[Information supplied]

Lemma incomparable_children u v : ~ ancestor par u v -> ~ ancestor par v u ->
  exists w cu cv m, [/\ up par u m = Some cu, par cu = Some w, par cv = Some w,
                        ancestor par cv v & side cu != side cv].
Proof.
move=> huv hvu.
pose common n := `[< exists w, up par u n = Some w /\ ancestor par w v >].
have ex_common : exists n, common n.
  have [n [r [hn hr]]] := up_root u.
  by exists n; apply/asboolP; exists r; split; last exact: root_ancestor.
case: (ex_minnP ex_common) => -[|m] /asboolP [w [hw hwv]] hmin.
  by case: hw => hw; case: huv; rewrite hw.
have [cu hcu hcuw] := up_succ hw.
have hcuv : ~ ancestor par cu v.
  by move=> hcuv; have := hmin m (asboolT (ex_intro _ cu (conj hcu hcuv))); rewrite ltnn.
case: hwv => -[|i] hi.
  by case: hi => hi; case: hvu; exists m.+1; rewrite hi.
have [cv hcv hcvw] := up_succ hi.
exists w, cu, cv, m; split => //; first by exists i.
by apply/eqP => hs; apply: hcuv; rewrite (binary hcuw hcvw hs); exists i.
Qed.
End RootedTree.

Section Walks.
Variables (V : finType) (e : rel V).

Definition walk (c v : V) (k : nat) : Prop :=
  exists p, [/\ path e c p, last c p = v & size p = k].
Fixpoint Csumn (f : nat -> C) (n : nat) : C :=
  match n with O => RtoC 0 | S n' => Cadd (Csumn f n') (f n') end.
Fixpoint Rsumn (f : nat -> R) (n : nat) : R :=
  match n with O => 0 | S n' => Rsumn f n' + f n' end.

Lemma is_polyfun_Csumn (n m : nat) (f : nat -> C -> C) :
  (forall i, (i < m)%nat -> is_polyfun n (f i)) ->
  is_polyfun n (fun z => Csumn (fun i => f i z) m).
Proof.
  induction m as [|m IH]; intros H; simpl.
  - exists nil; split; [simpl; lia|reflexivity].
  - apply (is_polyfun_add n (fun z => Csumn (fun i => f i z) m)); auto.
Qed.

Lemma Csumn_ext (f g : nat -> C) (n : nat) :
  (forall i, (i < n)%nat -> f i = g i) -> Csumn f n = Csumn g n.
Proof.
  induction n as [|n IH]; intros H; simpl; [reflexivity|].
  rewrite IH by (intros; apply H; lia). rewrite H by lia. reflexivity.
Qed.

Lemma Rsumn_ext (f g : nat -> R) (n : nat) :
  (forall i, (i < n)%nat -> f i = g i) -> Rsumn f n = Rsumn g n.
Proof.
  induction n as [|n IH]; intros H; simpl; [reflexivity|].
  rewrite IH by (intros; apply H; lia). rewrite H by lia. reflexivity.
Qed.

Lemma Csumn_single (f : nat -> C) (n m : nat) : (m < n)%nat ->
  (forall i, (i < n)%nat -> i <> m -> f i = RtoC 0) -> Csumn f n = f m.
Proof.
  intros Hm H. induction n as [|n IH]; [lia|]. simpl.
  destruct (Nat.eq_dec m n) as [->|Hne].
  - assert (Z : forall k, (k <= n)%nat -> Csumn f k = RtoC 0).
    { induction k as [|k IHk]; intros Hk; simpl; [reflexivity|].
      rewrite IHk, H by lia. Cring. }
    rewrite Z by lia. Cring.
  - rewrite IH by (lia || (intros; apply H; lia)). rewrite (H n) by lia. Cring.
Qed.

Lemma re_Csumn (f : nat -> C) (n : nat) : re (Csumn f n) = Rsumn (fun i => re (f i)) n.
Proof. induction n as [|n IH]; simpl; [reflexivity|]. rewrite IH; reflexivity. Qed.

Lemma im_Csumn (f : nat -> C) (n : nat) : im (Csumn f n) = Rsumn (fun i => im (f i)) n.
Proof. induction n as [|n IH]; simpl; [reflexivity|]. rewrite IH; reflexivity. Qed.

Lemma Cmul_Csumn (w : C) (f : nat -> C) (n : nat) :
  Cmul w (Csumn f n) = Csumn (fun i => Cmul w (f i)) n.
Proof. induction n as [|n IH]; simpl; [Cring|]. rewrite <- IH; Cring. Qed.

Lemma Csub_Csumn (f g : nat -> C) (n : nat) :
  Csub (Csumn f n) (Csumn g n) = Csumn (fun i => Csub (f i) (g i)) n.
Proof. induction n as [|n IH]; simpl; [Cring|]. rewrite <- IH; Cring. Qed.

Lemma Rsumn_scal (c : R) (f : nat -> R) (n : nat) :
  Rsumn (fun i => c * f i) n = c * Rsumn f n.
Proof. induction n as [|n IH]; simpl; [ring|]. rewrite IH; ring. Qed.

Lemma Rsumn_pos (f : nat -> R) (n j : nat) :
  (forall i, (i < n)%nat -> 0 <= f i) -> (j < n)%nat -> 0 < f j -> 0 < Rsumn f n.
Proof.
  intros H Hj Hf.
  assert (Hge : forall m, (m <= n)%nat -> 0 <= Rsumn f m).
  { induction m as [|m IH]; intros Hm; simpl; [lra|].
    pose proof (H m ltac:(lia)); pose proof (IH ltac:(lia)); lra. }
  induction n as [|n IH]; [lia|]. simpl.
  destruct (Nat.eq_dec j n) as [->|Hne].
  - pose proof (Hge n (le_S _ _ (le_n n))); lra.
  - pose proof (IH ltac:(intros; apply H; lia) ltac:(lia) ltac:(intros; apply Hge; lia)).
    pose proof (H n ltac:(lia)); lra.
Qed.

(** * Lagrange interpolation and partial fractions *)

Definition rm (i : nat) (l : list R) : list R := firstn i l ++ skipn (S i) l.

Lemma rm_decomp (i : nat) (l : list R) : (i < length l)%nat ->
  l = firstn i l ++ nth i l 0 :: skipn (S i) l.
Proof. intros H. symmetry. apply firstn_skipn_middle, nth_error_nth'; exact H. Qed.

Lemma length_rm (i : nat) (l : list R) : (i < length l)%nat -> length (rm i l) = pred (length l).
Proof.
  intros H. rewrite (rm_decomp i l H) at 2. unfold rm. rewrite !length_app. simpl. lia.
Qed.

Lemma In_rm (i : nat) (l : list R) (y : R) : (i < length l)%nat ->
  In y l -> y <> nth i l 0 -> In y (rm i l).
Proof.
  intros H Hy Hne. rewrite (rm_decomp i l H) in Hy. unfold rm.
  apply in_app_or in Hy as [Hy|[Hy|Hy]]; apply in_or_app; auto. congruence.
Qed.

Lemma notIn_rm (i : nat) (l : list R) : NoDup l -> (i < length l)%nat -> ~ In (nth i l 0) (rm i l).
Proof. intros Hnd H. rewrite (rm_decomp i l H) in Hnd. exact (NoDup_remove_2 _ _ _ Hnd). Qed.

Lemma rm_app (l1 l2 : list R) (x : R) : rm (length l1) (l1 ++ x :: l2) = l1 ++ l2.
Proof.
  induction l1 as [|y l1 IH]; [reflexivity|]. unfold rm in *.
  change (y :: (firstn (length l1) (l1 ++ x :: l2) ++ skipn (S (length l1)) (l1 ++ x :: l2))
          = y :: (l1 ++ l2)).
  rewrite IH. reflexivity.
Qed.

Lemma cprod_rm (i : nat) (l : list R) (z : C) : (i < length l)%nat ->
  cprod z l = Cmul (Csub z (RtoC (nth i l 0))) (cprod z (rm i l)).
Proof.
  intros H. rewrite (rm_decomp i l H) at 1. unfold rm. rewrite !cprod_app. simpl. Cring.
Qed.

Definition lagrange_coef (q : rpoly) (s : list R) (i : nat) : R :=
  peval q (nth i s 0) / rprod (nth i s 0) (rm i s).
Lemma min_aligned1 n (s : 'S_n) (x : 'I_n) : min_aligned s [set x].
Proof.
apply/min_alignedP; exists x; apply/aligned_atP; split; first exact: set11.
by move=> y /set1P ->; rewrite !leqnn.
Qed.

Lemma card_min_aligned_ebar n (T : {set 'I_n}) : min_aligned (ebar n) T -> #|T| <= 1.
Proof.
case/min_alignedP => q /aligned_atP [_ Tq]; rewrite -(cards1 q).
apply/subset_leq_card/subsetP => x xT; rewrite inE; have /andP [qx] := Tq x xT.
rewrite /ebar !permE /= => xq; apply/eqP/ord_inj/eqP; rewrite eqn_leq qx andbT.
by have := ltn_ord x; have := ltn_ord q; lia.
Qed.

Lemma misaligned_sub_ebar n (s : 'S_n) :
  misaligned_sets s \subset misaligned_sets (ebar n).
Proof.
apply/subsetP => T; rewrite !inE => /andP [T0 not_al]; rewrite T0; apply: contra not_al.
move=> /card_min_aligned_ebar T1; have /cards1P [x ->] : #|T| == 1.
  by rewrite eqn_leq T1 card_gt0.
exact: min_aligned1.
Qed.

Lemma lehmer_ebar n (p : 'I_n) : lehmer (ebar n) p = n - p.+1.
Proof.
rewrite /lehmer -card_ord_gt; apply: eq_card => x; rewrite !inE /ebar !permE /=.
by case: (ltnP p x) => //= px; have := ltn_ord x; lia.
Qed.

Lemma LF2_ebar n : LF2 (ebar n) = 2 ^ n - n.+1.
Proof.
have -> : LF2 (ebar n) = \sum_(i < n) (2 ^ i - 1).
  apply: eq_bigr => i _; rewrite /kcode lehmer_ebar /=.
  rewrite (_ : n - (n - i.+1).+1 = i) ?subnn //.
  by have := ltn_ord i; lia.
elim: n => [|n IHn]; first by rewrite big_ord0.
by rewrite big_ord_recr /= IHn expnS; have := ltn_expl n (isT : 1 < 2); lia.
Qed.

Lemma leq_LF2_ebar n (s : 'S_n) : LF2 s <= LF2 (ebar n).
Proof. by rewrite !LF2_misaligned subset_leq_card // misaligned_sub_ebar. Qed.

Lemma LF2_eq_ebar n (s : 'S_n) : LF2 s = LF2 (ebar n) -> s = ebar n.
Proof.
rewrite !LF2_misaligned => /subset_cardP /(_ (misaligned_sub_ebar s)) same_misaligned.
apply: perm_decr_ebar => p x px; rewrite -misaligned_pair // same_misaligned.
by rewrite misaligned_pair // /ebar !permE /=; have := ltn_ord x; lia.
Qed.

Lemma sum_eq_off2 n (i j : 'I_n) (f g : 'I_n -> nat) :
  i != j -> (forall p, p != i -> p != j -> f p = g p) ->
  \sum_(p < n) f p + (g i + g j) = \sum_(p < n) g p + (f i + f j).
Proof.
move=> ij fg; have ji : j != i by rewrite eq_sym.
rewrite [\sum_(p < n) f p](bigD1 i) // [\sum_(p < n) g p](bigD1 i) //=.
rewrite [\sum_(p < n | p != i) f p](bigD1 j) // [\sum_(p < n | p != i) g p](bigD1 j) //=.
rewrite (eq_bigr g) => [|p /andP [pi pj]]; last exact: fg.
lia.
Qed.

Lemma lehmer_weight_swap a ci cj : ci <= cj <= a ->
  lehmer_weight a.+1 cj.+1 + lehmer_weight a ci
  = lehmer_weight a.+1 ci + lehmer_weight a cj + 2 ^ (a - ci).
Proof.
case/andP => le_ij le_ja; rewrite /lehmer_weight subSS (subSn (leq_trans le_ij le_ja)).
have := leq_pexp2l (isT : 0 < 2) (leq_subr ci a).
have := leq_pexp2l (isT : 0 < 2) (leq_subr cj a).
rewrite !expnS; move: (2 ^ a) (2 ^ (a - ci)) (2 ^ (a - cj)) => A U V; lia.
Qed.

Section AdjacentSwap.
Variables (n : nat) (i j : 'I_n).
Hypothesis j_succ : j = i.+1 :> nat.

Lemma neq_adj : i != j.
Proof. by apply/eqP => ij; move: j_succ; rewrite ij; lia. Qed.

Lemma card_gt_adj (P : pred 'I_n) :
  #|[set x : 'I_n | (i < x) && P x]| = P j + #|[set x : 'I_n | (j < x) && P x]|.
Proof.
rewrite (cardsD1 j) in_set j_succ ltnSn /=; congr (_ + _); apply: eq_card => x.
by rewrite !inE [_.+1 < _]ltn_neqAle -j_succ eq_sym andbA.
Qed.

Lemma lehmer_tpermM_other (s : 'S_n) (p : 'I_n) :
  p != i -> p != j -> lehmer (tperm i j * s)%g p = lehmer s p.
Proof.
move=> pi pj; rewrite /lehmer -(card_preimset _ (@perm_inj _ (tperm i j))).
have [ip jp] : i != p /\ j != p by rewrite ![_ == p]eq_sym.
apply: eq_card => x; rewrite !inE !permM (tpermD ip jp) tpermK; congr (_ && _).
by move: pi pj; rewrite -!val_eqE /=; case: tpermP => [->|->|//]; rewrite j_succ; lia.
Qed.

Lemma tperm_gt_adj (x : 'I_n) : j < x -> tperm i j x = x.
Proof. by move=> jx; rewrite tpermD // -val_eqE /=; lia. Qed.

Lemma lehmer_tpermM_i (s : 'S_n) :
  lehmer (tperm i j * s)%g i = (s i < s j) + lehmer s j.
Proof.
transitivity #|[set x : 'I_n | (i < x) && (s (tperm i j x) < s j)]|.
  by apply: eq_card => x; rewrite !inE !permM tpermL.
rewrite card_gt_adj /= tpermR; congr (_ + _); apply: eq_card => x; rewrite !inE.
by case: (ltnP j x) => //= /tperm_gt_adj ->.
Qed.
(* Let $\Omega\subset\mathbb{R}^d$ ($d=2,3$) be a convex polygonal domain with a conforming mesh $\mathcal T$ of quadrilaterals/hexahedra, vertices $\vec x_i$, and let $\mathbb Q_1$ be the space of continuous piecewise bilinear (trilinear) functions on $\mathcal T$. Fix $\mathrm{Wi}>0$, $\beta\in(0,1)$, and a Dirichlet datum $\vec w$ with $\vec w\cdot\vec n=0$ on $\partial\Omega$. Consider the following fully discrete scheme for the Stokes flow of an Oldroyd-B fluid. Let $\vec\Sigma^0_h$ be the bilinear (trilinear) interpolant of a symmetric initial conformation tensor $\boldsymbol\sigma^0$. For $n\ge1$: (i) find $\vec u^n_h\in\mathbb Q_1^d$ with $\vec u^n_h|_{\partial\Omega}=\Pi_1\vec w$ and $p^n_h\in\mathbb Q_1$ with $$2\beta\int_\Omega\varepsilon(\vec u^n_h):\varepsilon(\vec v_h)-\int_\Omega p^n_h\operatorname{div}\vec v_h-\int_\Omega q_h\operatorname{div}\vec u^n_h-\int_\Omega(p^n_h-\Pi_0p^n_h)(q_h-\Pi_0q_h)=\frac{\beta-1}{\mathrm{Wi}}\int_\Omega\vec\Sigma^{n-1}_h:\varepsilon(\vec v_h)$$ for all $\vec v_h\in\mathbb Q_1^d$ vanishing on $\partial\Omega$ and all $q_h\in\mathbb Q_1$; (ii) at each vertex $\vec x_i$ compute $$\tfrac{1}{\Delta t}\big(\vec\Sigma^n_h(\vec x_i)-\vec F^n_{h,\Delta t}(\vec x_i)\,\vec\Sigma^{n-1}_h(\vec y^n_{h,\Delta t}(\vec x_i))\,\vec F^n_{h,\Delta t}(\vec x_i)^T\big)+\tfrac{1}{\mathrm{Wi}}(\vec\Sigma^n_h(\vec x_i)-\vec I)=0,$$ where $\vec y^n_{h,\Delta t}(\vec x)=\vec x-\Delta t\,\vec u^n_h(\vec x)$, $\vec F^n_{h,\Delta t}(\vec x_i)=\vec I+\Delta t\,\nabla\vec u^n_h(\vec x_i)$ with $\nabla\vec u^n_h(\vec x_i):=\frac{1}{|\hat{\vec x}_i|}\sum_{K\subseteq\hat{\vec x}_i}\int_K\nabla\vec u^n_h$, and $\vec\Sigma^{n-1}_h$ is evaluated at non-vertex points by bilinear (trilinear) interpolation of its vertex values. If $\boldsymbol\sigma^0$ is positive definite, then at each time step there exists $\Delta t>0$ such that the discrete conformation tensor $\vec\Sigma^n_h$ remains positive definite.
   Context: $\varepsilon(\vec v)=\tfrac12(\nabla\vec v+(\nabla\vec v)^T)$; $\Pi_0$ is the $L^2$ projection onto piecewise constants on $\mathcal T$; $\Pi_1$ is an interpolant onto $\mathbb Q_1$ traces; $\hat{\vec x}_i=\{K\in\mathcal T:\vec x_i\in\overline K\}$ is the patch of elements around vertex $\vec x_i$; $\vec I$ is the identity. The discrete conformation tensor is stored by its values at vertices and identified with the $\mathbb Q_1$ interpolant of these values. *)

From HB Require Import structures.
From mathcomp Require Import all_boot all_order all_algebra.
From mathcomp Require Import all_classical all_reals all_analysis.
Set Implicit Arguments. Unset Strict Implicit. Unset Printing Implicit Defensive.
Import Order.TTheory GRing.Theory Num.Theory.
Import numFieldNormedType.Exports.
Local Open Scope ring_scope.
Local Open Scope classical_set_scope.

[/Information supplied]

(Directions for this task): Take each line above that holds the string "hcuw" and copy it.

(Answer area):
have [cu hcu hcuw] := up_succ hw.
by apply/eqP => hs; apply: hcuv; rewrite (binary hcuw hcvw hs); exists i.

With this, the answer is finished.